Exercise brief: Copy out exactly every line from the line containing "by rewrite /enorm edotZl" until the records below end, inclusive of both boundary lines.

Task data:
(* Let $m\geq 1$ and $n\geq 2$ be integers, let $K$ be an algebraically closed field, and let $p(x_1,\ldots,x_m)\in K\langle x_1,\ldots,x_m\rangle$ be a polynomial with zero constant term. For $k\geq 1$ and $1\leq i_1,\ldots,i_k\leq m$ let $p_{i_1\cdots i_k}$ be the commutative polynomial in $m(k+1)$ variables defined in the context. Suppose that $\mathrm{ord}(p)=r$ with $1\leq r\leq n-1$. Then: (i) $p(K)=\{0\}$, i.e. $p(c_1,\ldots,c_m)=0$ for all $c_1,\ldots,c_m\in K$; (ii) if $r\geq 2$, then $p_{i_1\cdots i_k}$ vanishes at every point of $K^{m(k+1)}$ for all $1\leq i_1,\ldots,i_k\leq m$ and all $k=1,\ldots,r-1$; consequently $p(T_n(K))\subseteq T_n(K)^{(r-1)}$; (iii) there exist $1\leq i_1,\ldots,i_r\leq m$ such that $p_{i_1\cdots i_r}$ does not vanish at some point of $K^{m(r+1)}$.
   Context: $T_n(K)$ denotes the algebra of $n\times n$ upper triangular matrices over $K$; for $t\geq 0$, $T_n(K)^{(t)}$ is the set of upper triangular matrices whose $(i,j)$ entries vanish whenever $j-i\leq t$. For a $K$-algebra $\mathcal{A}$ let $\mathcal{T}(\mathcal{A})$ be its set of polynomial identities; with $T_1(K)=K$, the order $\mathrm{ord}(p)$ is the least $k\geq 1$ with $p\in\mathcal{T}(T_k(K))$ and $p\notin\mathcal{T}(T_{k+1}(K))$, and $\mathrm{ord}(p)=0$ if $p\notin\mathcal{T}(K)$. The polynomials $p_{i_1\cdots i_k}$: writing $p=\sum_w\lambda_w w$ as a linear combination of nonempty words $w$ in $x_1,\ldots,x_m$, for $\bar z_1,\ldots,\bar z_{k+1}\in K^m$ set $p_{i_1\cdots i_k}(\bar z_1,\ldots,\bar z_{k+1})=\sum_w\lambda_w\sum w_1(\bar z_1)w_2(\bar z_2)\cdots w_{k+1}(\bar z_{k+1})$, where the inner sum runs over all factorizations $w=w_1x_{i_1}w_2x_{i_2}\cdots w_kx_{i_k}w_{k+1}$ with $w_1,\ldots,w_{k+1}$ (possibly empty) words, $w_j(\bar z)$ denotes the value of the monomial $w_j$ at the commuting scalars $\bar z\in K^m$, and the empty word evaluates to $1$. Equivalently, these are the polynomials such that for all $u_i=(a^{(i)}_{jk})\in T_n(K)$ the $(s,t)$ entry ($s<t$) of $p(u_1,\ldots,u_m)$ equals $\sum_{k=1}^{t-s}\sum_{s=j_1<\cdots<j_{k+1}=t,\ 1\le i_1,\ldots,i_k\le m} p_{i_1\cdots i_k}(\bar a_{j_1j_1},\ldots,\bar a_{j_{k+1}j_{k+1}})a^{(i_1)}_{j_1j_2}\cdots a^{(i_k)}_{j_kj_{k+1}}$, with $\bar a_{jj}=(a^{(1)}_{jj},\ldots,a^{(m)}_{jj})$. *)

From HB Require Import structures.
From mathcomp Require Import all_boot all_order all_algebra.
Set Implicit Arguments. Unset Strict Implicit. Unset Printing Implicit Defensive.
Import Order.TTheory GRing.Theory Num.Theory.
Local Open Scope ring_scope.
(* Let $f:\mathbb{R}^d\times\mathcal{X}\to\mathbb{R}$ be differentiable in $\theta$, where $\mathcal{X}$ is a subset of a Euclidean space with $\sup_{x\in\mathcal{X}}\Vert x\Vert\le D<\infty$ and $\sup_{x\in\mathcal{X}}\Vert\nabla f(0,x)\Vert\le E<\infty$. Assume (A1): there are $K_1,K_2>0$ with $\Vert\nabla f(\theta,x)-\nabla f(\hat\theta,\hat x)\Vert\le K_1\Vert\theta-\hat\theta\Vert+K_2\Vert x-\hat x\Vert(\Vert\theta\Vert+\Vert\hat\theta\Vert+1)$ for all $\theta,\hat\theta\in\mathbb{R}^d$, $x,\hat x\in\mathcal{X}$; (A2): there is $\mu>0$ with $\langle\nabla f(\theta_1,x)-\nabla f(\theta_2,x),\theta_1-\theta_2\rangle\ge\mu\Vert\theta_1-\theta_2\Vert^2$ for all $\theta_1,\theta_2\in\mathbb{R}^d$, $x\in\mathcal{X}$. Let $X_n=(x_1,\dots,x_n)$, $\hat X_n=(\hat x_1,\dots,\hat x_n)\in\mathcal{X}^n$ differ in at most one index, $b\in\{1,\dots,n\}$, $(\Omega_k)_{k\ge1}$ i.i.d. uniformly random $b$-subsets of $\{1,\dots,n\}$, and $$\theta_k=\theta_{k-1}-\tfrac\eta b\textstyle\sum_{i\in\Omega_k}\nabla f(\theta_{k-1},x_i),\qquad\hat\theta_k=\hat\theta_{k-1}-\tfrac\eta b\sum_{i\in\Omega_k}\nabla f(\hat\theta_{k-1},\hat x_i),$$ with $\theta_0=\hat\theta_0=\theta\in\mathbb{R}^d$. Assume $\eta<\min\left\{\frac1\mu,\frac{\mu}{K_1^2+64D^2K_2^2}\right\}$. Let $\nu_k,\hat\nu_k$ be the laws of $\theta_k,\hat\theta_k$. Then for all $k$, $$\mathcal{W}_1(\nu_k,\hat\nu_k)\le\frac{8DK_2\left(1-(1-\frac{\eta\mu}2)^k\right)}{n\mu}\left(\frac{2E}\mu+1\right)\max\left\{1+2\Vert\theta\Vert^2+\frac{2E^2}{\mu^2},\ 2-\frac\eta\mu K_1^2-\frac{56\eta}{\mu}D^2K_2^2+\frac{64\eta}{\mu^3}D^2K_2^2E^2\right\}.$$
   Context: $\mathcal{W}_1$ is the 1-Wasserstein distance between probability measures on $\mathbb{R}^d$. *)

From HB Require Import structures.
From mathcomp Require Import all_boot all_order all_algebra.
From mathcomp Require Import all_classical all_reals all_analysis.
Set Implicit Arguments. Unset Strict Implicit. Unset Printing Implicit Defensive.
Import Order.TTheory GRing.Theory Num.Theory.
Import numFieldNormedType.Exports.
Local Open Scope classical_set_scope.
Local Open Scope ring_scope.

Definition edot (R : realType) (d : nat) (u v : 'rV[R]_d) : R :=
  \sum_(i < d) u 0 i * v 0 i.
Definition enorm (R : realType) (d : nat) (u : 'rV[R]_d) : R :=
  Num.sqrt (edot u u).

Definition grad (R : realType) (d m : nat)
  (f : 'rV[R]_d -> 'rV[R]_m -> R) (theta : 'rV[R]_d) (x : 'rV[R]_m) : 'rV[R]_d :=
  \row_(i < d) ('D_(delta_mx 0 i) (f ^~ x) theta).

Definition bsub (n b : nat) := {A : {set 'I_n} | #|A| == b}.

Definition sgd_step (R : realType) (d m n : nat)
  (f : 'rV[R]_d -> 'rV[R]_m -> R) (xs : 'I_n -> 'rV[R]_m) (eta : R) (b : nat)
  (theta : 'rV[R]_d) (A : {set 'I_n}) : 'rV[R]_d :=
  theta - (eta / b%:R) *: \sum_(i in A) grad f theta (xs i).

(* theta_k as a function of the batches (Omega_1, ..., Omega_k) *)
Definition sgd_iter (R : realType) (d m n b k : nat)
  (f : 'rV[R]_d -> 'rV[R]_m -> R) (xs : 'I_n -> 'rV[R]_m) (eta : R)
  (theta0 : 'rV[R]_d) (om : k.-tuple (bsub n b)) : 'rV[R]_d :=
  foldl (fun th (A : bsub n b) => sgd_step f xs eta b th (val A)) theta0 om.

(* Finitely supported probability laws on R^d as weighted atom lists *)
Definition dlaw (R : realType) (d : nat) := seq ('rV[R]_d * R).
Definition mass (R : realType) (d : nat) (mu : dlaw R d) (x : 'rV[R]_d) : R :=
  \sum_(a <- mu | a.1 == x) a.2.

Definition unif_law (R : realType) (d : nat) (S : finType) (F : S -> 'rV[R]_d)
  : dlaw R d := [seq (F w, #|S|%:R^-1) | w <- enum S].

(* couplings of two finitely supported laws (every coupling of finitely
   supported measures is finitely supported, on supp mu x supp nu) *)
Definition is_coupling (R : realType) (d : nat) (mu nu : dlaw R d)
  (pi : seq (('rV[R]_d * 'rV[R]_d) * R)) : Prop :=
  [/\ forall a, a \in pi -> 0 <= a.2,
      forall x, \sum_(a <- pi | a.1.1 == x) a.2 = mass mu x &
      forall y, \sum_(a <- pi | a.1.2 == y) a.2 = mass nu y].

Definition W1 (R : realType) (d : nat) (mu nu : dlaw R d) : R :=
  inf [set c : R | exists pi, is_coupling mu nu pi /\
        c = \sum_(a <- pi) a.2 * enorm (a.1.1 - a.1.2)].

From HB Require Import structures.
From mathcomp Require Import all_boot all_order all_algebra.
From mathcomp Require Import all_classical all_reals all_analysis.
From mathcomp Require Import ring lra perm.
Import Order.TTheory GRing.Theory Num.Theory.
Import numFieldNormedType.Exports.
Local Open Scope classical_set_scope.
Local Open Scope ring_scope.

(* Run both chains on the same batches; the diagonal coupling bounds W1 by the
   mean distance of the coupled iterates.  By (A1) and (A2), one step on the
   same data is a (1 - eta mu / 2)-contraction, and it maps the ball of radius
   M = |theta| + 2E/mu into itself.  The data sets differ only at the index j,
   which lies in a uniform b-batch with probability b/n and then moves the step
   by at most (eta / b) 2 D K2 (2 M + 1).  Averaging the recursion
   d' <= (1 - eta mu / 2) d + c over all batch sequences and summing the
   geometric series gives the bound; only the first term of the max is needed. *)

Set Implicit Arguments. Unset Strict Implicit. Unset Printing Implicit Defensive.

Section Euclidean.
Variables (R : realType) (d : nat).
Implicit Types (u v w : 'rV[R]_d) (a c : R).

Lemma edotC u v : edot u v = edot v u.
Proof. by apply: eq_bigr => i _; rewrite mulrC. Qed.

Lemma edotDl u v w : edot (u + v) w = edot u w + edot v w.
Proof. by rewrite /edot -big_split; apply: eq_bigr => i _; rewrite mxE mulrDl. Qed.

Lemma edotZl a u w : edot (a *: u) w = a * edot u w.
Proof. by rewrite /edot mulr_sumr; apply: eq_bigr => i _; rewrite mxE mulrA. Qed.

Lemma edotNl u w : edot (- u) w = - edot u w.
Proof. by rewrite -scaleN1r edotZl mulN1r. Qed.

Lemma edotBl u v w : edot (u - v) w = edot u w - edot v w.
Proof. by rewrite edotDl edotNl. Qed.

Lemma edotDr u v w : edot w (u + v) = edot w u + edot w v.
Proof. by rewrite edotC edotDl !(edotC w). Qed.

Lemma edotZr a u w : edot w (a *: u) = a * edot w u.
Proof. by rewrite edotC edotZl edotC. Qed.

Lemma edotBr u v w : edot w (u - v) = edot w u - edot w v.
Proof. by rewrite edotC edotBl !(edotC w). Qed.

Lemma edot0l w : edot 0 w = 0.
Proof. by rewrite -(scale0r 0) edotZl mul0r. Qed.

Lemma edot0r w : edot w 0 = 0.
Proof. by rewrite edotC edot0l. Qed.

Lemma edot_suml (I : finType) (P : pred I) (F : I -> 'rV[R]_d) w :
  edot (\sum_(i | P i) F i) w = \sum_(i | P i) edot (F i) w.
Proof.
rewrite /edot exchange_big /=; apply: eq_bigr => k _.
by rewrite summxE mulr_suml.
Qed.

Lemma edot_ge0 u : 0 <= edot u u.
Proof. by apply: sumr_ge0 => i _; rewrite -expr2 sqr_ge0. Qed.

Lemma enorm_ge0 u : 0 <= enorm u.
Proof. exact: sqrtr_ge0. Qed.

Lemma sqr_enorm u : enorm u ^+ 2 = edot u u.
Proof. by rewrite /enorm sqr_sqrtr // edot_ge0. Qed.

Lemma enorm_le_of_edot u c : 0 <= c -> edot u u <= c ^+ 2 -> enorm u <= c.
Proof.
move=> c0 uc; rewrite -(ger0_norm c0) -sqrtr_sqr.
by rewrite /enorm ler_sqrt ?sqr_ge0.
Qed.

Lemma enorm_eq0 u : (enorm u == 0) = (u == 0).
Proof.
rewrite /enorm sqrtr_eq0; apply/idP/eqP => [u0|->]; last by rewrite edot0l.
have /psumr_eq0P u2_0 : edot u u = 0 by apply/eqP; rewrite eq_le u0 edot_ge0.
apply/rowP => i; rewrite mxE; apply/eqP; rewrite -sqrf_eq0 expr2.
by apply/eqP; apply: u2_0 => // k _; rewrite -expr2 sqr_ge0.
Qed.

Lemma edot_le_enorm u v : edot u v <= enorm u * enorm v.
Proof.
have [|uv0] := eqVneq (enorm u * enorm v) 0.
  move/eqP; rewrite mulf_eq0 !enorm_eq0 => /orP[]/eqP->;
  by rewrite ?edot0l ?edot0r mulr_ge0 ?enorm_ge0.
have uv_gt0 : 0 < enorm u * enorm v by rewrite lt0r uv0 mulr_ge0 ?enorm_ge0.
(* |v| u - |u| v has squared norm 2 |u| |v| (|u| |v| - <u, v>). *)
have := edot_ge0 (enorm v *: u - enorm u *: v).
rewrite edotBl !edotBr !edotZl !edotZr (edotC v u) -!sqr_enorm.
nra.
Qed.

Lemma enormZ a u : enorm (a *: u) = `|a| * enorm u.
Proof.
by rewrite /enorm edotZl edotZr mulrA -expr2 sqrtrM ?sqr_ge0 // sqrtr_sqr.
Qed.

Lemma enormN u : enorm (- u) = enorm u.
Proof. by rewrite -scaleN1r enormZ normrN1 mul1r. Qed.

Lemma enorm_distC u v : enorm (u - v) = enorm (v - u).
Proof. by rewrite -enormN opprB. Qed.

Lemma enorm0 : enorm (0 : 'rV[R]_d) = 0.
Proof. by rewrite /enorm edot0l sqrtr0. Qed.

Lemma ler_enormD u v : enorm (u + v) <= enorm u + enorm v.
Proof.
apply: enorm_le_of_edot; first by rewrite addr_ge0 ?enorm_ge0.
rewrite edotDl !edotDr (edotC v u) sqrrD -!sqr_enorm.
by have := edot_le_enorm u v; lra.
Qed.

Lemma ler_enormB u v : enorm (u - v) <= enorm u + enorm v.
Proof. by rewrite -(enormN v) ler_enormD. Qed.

Answer to this problem:
by rewrite /enorm edotZl edotZr mulrA -expr2 sqrtrM ?sqr_ge0 // sqrtr_sqr.
Qed.

Lemma enormN u : enorm (- u) = enorm u.
Proof. by rewrite -scaleN1r enormZ normrN1 mul1r. Qed.

Lemma enorm_distC u v : enorm (u - v) = enorm (v - u).
Proof. by rewrite -enormN opprB. Qed.

Lemma enorm0 : enorm (0 : 'rV[R]_d) = 0.
Proof. by rewrite /enorm edot0l sqrtr0. Qed.

Lemma ler_enormD u v : enorm (u + v) <= enorm u + enorm v.
Proof.
apply: enorm_le_of_edot; first by rewrite addr_ge0 ?enorm_ge0.
rewrite edotDl !edotDr (edotC v u) sqrrD -!sqr_enorm.
by have := edot_le_enorm u v; lra.
Qed.

Lemma ler_enormB u v : enorm (u - v) <= enorm u + enorm v.
Proof. by rewrite -(enormN v) ler_enormD. Qed.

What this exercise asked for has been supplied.